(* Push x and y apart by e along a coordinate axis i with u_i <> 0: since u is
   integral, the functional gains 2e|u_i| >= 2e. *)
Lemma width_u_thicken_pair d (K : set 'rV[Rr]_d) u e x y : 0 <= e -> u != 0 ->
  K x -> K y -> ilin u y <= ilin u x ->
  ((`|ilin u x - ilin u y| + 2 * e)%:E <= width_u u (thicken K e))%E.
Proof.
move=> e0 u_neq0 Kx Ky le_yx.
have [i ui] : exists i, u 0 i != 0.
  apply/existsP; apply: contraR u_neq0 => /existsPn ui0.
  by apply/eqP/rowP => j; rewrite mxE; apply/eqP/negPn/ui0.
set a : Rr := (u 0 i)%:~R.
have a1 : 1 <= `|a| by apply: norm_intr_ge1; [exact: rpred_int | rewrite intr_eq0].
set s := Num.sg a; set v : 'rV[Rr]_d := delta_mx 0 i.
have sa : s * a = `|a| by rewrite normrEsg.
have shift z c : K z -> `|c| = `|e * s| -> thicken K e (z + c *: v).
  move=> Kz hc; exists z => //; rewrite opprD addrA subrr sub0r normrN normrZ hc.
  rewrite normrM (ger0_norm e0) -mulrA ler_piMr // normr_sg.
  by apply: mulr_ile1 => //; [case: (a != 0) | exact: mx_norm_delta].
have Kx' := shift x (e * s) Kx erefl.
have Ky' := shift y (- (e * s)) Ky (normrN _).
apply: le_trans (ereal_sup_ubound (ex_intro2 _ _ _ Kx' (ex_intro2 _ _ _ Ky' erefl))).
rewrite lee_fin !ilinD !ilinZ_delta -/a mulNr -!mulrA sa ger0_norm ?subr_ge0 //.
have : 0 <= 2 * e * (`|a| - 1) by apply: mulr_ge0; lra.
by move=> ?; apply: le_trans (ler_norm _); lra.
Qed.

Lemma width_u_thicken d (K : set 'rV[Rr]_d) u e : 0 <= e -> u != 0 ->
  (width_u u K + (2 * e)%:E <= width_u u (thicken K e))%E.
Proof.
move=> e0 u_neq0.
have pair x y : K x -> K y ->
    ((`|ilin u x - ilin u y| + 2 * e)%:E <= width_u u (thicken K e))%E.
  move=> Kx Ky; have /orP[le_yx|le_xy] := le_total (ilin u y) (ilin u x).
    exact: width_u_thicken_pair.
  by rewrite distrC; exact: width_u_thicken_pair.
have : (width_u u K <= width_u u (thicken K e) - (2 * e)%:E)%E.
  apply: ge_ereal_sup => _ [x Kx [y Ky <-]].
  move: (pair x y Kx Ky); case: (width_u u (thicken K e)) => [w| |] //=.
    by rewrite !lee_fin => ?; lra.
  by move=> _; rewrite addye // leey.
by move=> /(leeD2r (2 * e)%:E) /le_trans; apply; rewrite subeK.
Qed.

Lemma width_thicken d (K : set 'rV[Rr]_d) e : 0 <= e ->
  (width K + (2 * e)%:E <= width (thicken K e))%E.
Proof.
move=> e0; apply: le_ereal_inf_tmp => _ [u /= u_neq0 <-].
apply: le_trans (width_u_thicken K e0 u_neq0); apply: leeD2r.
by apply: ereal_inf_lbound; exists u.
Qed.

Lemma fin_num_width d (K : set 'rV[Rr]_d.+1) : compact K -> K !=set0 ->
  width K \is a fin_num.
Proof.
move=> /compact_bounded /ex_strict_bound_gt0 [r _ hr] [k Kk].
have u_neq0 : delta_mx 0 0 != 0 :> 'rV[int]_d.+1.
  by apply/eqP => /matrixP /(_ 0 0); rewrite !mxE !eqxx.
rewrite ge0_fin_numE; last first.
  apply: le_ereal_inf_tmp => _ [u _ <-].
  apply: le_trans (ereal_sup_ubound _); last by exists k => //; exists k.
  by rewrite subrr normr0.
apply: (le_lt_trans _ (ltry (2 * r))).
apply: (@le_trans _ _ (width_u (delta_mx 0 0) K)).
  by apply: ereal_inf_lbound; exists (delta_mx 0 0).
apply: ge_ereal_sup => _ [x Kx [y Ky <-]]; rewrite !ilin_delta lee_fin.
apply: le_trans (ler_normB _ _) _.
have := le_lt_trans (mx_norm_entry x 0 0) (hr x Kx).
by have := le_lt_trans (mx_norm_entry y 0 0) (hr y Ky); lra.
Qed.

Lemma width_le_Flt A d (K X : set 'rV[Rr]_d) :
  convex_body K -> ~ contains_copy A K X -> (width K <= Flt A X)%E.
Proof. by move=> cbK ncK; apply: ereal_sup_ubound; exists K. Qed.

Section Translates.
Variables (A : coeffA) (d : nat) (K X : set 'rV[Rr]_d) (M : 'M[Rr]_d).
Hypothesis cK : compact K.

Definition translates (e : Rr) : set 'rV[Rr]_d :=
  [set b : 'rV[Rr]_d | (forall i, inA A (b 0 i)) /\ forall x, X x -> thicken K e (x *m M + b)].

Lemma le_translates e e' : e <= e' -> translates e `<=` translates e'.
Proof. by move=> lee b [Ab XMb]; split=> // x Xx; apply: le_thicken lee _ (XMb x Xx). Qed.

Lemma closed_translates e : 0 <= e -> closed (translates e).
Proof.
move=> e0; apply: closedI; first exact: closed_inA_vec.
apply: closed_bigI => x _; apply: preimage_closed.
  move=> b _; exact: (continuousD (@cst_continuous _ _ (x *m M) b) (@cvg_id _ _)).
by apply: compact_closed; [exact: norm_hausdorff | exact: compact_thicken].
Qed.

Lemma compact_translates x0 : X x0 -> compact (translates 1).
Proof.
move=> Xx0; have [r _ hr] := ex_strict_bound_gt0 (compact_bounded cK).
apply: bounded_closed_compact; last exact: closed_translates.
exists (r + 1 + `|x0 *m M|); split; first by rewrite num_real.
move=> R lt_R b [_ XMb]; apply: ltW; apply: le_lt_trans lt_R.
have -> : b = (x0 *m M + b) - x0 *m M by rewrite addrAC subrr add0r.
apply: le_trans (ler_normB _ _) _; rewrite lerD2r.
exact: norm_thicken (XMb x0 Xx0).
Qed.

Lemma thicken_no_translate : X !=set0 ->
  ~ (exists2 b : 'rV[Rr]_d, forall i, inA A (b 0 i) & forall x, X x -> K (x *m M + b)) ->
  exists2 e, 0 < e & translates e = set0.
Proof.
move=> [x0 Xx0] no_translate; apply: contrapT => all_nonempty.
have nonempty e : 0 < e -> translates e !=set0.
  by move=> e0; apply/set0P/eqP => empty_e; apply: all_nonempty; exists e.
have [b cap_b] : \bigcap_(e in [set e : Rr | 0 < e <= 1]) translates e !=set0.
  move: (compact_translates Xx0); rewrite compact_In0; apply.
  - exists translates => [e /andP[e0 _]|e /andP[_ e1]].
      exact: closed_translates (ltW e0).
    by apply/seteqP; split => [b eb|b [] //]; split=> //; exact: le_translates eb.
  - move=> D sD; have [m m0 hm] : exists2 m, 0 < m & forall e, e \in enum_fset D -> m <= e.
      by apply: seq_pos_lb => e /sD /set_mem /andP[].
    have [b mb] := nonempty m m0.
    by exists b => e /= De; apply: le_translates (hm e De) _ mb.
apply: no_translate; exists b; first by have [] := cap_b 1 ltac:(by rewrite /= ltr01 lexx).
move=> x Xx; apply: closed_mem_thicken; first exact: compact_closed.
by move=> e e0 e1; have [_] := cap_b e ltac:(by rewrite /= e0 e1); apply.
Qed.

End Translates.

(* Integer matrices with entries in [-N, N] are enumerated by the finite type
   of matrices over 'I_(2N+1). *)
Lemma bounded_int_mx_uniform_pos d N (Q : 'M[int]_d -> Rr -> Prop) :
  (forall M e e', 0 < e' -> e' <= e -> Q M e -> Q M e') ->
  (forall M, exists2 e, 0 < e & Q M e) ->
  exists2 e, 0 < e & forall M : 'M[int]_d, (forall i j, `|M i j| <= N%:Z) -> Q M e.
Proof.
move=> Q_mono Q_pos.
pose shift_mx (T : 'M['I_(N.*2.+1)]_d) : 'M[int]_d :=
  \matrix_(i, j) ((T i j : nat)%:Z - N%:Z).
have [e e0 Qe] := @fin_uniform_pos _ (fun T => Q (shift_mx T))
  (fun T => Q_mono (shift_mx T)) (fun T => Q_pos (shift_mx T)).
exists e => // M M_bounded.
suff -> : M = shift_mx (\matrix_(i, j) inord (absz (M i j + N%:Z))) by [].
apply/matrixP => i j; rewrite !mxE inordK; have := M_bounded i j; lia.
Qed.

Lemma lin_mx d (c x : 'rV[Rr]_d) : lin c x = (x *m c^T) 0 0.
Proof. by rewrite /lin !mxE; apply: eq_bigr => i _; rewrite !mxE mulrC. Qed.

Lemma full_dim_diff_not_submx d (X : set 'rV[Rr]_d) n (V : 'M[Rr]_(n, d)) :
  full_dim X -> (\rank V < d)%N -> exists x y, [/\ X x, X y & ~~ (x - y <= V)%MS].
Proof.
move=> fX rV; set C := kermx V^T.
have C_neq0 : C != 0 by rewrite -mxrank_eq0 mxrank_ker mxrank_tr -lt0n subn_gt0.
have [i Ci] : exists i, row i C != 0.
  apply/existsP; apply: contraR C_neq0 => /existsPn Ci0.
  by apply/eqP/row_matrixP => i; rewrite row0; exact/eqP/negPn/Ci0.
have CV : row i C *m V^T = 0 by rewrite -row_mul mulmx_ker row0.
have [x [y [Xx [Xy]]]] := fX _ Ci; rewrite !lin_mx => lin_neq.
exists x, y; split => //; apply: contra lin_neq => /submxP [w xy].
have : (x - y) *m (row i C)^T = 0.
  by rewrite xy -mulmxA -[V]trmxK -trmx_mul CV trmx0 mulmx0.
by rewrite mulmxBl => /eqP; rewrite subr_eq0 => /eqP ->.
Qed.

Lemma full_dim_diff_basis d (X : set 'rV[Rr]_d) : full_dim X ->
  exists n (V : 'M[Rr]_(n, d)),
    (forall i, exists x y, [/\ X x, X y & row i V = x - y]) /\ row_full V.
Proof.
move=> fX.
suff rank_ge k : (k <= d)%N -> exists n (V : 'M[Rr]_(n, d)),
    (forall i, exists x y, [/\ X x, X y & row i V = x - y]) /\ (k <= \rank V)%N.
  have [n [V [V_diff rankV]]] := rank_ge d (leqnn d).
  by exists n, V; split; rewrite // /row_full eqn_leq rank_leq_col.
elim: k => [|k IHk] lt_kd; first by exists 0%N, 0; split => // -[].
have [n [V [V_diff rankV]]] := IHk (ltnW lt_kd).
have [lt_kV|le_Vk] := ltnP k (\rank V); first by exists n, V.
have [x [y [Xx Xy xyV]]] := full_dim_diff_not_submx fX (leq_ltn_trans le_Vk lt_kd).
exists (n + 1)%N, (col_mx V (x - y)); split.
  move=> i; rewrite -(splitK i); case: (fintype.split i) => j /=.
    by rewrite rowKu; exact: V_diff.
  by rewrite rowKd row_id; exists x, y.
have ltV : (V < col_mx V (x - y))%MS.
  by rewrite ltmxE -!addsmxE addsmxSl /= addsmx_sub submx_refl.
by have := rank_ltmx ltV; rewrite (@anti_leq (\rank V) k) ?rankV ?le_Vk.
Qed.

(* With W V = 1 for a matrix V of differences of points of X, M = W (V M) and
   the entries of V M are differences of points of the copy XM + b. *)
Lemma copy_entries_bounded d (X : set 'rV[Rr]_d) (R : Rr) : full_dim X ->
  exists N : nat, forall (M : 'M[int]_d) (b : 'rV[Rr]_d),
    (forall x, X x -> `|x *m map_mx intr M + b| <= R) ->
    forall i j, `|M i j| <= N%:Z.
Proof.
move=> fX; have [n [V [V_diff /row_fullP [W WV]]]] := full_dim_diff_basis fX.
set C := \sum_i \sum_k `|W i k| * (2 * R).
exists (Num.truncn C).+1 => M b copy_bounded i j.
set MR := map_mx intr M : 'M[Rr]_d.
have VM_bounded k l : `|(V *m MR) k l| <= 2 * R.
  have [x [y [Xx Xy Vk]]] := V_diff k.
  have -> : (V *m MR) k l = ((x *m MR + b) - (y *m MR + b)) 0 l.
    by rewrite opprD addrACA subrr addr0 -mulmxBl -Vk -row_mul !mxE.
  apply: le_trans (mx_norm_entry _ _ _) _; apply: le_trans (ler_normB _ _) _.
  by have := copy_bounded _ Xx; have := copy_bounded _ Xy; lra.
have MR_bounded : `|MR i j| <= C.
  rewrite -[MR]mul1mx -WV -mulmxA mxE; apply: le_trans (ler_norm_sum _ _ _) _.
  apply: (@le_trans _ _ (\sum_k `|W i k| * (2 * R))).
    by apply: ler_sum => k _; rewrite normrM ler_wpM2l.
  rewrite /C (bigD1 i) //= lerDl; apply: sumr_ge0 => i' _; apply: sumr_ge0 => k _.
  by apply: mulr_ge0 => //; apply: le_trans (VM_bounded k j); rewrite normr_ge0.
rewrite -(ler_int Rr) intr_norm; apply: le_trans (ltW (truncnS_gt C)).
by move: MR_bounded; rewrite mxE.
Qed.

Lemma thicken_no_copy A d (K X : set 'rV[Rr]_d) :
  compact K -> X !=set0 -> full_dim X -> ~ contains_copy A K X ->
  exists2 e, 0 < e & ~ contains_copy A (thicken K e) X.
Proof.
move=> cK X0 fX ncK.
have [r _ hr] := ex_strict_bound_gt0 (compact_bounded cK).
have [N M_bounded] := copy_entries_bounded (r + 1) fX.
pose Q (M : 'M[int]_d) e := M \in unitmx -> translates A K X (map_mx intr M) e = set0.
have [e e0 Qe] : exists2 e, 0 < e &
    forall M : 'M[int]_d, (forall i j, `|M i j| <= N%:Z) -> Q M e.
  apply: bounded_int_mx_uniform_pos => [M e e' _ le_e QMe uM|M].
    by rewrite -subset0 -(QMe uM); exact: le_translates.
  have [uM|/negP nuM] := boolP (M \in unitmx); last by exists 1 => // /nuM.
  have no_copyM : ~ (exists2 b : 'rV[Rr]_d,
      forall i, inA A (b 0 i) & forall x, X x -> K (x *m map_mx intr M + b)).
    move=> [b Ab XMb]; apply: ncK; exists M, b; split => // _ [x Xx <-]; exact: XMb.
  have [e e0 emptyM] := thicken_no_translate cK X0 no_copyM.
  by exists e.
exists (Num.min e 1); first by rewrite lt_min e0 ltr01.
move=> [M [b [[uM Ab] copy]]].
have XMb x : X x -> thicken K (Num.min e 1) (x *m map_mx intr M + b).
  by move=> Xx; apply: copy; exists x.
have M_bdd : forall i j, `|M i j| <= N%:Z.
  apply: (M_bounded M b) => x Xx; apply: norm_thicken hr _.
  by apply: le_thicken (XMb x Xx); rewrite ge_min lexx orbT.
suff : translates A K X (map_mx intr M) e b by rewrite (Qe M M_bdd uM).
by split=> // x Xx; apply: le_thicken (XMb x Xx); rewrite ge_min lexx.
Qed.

************

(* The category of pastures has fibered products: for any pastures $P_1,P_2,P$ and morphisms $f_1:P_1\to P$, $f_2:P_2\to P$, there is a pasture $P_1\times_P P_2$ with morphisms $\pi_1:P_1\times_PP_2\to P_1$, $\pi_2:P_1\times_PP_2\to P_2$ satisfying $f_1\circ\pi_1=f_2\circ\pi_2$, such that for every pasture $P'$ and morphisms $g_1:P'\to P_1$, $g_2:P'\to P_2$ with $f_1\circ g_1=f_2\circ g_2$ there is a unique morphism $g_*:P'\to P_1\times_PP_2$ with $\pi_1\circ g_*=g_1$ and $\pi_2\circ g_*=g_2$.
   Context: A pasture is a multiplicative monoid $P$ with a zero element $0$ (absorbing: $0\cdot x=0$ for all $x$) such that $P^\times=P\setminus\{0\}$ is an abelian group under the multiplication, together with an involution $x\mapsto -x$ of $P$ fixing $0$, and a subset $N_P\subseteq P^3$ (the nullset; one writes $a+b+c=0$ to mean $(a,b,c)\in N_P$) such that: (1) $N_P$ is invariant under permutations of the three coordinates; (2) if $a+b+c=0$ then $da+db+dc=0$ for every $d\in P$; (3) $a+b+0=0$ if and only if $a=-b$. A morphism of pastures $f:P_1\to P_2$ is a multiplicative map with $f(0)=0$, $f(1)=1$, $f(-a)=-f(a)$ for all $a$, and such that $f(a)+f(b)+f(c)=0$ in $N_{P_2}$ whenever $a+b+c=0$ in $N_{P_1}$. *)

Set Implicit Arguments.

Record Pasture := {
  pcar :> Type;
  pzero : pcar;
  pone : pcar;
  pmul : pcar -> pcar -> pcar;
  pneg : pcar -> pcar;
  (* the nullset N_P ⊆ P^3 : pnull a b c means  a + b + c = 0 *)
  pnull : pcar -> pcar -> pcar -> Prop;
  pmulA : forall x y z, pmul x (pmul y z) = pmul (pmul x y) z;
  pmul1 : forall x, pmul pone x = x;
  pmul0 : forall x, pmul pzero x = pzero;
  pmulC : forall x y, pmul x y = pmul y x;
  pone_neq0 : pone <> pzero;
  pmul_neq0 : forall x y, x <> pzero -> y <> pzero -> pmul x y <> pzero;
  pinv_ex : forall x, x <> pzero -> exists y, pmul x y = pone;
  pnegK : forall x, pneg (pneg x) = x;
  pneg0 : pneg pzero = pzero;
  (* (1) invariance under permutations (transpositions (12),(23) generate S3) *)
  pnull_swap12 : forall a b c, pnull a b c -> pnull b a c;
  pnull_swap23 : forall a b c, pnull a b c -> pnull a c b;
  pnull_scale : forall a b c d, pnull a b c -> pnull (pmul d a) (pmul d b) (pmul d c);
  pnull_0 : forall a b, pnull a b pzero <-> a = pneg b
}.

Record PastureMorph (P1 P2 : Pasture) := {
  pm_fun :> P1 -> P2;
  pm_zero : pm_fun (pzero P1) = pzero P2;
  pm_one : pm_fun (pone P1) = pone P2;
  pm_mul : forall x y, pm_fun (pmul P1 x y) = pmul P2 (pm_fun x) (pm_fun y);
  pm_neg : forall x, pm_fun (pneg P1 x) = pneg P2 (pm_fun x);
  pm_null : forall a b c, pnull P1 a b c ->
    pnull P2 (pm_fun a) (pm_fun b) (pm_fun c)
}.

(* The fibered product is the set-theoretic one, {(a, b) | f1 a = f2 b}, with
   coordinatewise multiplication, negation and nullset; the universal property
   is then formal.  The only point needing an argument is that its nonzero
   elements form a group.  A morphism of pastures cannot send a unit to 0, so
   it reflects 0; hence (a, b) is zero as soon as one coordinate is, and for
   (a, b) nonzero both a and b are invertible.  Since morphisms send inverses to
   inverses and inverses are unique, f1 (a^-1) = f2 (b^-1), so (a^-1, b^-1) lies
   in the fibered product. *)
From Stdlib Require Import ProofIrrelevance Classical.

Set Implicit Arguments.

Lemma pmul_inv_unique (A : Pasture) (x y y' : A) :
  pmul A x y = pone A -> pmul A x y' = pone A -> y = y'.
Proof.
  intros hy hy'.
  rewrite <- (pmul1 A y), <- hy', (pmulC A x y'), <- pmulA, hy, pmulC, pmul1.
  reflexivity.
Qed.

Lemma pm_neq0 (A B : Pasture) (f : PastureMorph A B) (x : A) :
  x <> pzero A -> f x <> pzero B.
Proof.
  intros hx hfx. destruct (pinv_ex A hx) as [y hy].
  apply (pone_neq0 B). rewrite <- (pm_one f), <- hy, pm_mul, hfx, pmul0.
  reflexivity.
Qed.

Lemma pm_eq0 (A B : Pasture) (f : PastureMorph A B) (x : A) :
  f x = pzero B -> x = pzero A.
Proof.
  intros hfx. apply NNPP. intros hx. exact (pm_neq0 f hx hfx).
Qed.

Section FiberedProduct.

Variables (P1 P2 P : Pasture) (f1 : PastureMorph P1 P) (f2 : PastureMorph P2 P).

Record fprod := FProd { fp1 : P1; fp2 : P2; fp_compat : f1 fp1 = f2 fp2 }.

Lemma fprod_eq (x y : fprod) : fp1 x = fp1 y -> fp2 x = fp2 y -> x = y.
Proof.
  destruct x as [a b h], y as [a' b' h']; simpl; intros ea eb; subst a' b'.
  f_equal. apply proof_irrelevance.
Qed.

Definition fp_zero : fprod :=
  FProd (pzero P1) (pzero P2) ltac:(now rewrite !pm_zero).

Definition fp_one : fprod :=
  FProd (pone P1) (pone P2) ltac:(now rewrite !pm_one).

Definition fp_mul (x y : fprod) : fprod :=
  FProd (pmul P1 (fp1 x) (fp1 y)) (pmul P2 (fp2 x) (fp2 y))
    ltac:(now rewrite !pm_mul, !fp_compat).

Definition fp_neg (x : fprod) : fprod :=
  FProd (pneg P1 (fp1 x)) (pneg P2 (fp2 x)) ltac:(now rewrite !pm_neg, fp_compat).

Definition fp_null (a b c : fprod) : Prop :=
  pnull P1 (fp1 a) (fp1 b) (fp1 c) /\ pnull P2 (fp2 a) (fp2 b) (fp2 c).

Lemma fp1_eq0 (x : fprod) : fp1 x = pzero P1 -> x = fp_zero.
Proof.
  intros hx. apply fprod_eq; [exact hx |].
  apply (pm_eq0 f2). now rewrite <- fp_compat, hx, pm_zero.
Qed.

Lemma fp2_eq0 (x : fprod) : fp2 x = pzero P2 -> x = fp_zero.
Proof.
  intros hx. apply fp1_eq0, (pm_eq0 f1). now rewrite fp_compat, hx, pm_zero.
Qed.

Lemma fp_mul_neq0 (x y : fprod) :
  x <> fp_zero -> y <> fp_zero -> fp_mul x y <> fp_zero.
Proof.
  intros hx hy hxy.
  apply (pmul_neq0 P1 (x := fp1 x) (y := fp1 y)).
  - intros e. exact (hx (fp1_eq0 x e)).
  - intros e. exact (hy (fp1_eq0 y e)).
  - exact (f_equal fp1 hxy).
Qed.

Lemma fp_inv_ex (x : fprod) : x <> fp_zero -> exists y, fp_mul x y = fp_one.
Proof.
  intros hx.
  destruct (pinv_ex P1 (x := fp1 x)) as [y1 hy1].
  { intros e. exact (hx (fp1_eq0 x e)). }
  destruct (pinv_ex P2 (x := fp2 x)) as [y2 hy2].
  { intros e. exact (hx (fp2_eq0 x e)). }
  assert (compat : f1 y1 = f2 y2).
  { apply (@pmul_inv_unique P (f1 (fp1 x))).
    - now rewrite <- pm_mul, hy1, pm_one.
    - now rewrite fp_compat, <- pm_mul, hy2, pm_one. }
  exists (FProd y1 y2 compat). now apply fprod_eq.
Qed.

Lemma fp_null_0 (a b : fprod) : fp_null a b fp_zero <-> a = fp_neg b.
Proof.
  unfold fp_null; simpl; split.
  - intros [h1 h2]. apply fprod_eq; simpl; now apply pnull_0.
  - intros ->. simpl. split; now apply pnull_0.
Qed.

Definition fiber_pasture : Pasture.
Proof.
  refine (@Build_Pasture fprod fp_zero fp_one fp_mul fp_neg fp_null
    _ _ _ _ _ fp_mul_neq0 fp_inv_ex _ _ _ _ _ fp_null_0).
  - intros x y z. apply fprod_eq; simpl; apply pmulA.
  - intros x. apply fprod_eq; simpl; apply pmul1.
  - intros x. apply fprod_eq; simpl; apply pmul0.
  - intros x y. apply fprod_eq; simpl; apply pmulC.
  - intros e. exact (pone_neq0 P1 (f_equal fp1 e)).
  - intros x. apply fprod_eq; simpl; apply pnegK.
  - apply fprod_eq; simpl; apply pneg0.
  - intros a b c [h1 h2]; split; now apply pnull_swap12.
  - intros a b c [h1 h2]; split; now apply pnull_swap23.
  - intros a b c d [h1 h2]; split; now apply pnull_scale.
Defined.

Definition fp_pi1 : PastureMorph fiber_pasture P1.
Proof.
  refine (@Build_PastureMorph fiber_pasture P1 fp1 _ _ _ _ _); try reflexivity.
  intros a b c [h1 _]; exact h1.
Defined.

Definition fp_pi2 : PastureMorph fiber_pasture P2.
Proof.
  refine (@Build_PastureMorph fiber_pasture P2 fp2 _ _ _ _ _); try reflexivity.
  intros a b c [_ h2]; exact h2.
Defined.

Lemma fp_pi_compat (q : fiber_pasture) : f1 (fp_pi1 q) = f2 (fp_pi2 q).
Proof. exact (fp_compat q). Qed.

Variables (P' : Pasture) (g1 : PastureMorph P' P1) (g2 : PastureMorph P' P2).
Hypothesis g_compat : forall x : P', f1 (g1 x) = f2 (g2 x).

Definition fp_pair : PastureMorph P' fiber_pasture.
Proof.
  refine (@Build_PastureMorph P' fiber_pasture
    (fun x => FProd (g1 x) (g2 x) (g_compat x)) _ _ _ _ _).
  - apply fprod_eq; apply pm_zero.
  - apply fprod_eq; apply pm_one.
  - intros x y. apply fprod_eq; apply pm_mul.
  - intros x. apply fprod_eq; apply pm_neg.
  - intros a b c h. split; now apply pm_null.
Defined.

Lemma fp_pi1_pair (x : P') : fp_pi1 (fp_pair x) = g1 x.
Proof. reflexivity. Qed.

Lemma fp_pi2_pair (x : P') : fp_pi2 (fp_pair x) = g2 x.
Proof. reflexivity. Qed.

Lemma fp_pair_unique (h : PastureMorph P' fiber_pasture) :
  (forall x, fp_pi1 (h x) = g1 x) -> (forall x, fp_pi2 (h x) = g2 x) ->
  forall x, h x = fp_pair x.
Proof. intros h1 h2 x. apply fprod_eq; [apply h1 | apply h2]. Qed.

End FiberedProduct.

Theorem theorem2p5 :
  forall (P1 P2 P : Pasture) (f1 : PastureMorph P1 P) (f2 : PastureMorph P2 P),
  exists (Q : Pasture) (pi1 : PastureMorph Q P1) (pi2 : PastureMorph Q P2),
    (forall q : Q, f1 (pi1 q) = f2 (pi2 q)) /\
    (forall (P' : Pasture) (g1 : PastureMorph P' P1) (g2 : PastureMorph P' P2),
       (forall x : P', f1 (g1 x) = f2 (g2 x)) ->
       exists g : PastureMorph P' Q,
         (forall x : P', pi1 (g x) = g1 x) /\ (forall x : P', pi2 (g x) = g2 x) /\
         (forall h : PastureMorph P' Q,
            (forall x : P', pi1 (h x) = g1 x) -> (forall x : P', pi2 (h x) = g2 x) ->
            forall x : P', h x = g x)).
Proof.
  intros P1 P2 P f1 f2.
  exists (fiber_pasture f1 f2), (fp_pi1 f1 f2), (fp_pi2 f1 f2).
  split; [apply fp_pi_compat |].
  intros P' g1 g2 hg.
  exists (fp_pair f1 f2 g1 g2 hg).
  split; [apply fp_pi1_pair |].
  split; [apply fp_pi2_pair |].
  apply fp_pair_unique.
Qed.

************

*Brief*
In the listing above, find the line containing "by apply/eqP/rowP =>" and the line containing "have shift z", then retype both and every line between them exactly, with nothing else.

*Result for this exercise*
  by apply/eqP/rowP => j; rewrite mxE; apply/eqP/negPn/ui0.
set a : Rr := (u 0 i)%:~R.
have a1 : 1 <= `|a| by apply: norm_intr_ge1; [exact: rpred_int | rewrite intr_eq0].
set s := Num.sg a; set v : 'rV[Rr]_d := delta_mx 0 i.
have sa : s * a = `|a| by rewrite normrEsg.
have shift z c : K z -> `|c| = `|e * s| -> thicken K e (z + c *: v).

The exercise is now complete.